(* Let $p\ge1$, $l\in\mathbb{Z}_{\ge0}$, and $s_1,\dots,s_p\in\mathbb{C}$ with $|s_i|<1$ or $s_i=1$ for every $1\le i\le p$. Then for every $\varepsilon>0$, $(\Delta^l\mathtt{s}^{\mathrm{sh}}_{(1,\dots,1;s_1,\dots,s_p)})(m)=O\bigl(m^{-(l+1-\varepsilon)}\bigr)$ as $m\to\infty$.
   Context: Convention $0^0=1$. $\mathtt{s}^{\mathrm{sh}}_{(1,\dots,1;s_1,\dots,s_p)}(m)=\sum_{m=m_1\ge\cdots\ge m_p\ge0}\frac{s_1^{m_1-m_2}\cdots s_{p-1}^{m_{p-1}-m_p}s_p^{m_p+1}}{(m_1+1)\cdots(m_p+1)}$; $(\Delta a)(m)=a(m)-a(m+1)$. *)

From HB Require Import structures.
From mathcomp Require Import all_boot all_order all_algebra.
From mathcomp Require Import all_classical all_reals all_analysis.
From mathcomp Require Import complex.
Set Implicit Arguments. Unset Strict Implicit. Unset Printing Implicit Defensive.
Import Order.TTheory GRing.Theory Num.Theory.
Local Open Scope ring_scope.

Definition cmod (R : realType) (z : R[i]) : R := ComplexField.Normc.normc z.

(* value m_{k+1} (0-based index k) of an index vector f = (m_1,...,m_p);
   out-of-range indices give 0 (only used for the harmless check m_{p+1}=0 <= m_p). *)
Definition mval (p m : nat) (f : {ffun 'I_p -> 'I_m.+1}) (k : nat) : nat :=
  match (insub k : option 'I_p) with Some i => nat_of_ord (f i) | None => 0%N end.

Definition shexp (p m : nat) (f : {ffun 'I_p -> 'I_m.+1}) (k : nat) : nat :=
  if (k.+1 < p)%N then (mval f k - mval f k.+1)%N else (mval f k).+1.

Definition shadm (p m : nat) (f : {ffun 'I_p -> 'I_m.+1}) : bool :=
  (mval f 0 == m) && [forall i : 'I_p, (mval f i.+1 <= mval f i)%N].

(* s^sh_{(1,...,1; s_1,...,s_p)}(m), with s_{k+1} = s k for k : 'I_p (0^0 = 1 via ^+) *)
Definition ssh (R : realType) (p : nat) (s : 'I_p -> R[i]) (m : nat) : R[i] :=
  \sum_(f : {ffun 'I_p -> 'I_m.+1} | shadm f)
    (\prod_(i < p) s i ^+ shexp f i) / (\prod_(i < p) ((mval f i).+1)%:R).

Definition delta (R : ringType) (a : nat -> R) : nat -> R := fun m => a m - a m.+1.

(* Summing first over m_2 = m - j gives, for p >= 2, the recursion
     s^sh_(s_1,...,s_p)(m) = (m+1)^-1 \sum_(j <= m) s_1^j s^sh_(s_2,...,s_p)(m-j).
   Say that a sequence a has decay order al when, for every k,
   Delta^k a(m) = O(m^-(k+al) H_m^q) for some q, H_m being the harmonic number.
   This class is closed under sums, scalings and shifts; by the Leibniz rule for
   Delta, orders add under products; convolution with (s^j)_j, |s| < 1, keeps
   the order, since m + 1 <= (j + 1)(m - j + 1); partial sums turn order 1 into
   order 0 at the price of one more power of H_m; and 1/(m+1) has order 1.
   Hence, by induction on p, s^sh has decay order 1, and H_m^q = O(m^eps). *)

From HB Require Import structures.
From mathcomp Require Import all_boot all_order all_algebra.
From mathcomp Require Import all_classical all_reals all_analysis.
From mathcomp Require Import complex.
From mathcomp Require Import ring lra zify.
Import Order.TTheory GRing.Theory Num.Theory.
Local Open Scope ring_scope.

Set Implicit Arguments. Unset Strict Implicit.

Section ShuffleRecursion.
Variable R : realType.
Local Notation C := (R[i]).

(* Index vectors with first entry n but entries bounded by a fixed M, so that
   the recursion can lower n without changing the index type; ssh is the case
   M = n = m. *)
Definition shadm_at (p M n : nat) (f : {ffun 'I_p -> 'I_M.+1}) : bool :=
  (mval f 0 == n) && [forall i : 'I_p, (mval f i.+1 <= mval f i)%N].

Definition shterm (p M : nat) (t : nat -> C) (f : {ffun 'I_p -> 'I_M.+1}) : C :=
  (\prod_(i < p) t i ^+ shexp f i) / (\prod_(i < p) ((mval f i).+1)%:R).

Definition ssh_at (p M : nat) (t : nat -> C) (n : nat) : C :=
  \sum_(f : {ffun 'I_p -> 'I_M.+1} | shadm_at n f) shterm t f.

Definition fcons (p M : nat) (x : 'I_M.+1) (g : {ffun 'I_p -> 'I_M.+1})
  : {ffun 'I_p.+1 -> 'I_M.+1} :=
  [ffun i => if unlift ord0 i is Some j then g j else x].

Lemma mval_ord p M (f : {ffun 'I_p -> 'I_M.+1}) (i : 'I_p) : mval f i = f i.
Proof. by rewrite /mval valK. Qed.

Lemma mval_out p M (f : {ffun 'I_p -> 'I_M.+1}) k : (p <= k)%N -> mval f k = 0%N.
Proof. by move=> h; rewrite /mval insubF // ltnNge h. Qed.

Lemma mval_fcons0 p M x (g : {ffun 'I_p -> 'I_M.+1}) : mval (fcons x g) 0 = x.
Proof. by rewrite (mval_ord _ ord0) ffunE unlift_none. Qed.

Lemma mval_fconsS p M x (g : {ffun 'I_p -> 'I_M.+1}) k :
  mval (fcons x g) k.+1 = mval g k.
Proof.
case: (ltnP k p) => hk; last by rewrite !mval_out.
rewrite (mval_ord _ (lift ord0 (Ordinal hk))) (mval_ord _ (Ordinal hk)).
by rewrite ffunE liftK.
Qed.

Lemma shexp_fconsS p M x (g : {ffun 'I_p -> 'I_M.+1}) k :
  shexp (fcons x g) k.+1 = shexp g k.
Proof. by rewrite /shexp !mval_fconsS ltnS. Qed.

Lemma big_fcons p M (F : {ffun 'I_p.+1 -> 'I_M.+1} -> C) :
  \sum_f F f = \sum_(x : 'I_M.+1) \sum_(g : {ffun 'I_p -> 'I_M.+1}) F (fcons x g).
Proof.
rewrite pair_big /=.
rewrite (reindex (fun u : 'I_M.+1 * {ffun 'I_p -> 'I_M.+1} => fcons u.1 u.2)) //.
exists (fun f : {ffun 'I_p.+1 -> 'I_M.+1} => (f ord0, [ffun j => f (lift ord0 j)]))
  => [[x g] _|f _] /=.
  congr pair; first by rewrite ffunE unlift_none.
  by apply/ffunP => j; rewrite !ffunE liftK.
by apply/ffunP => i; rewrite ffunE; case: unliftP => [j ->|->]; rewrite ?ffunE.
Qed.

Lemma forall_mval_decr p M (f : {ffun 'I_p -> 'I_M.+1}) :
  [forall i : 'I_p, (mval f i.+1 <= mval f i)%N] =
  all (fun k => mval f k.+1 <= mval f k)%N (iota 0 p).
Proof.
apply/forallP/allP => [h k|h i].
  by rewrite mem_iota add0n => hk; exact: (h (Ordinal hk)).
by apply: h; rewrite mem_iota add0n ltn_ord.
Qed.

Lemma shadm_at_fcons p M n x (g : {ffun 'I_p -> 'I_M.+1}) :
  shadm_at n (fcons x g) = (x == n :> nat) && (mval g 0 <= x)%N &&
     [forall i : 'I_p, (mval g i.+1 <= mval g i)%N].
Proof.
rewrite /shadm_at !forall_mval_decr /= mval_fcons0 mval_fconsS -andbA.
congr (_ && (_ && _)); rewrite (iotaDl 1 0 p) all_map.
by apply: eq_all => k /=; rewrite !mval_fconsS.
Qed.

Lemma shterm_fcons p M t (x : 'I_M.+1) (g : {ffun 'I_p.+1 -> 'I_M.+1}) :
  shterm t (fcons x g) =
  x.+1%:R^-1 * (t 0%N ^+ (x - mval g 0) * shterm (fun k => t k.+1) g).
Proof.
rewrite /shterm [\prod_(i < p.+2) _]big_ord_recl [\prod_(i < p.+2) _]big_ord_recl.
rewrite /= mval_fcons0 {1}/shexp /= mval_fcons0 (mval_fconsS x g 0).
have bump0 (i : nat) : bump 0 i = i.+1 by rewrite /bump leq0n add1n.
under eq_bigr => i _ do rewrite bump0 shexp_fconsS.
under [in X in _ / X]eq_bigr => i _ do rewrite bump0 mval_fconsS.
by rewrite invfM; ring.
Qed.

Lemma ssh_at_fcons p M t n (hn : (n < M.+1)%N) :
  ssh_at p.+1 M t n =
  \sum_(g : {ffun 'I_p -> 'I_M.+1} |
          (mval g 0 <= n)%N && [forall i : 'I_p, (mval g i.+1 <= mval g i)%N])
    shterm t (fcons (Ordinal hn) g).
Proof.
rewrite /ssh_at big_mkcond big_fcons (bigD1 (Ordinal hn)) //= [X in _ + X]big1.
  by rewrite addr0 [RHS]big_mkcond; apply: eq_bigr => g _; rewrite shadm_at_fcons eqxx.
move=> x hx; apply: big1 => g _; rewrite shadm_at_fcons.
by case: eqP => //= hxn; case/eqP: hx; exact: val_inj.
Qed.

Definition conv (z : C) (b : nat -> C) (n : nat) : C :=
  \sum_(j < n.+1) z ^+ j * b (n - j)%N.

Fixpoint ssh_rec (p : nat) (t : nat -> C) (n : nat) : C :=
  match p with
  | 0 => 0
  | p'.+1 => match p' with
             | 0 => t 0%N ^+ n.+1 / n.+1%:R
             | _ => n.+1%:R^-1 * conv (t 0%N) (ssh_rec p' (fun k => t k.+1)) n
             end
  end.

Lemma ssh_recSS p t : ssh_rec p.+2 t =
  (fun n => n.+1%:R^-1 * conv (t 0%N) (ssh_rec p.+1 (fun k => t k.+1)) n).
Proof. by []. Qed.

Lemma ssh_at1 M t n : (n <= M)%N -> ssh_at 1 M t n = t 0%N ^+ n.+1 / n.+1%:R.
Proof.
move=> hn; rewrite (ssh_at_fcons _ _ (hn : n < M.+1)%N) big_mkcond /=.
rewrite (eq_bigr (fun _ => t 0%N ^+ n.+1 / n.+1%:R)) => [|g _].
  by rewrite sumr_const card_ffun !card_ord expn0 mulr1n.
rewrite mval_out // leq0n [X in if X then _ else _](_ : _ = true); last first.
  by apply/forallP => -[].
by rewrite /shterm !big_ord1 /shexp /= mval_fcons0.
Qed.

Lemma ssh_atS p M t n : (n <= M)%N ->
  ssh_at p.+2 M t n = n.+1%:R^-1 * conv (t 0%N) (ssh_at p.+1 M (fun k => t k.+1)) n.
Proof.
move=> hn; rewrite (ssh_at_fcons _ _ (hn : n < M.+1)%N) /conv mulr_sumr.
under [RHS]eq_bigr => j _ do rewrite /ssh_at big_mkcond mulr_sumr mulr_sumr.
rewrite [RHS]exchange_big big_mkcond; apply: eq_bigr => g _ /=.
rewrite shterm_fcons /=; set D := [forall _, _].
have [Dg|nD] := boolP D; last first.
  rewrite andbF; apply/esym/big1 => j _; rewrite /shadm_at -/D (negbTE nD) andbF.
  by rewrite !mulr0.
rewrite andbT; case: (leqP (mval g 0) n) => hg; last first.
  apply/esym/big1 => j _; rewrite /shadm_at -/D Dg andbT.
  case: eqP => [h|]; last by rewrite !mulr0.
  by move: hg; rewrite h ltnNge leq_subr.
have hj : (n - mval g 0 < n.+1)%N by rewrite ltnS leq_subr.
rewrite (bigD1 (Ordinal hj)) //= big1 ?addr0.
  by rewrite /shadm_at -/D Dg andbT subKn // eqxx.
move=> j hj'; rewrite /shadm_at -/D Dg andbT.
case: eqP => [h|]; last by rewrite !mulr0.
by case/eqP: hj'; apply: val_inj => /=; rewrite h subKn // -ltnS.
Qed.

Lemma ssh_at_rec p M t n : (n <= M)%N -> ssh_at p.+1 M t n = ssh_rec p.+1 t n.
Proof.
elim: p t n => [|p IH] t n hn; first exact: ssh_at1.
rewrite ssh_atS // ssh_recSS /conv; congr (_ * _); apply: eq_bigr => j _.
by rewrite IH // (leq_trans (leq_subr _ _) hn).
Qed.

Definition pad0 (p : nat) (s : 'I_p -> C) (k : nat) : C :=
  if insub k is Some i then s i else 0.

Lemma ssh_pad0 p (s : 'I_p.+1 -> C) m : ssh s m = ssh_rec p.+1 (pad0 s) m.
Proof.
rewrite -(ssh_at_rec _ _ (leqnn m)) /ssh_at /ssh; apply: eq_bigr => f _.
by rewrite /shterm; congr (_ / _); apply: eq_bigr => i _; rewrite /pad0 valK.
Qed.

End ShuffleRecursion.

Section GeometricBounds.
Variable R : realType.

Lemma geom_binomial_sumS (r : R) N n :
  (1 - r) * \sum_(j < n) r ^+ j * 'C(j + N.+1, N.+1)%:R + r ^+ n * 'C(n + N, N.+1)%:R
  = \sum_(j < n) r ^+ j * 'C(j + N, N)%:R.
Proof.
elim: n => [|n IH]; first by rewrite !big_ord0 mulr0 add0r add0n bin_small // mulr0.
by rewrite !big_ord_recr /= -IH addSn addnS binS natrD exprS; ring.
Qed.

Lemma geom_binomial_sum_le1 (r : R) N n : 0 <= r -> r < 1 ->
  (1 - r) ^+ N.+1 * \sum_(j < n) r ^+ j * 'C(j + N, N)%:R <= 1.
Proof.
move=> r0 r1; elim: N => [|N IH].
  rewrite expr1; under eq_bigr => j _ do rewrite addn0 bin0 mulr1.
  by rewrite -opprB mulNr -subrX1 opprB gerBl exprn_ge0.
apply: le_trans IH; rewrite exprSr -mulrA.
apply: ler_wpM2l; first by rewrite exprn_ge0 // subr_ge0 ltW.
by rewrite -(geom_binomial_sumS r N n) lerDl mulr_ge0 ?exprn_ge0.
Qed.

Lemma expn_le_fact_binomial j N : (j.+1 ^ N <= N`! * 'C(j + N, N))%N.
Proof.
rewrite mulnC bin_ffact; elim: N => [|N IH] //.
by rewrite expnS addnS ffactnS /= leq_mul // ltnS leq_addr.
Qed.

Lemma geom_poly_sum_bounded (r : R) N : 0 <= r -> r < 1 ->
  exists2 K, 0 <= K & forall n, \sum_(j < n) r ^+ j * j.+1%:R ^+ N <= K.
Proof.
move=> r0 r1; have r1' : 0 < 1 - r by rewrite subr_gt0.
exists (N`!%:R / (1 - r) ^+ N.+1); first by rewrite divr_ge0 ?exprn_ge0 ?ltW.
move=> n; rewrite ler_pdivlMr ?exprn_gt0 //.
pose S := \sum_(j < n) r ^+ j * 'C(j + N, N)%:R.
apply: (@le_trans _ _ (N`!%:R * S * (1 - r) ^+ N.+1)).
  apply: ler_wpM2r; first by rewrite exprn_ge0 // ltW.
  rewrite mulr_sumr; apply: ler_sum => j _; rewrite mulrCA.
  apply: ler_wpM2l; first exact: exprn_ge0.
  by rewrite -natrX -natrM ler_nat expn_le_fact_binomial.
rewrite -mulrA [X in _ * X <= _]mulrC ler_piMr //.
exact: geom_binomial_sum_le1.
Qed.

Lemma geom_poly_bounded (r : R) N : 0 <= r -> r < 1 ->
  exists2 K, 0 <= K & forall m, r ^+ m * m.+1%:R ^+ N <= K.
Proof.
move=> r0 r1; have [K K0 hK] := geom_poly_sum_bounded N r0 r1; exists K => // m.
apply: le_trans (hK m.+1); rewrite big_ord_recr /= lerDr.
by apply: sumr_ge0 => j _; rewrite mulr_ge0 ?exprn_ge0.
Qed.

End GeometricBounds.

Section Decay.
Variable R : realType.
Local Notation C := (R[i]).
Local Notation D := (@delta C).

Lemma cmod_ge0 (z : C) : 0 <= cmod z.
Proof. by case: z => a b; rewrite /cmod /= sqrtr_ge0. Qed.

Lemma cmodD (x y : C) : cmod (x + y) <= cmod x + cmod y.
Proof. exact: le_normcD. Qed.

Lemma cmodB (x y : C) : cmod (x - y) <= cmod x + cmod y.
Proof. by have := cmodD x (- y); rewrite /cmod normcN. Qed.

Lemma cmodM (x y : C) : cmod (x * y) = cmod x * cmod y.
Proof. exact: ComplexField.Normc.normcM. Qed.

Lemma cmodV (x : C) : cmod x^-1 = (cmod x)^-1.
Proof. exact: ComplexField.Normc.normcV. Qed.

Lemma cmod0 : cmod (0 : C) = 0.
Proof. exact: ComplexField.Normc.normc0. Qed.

What needs to be done: Read the entries and show each line that mentions "match".

Finished task:
  match (insub k : option 'I_p) with Some i => nat_of_ord (f i) | None => 0%N end.
  match p with
  | p'.+1 => match p' with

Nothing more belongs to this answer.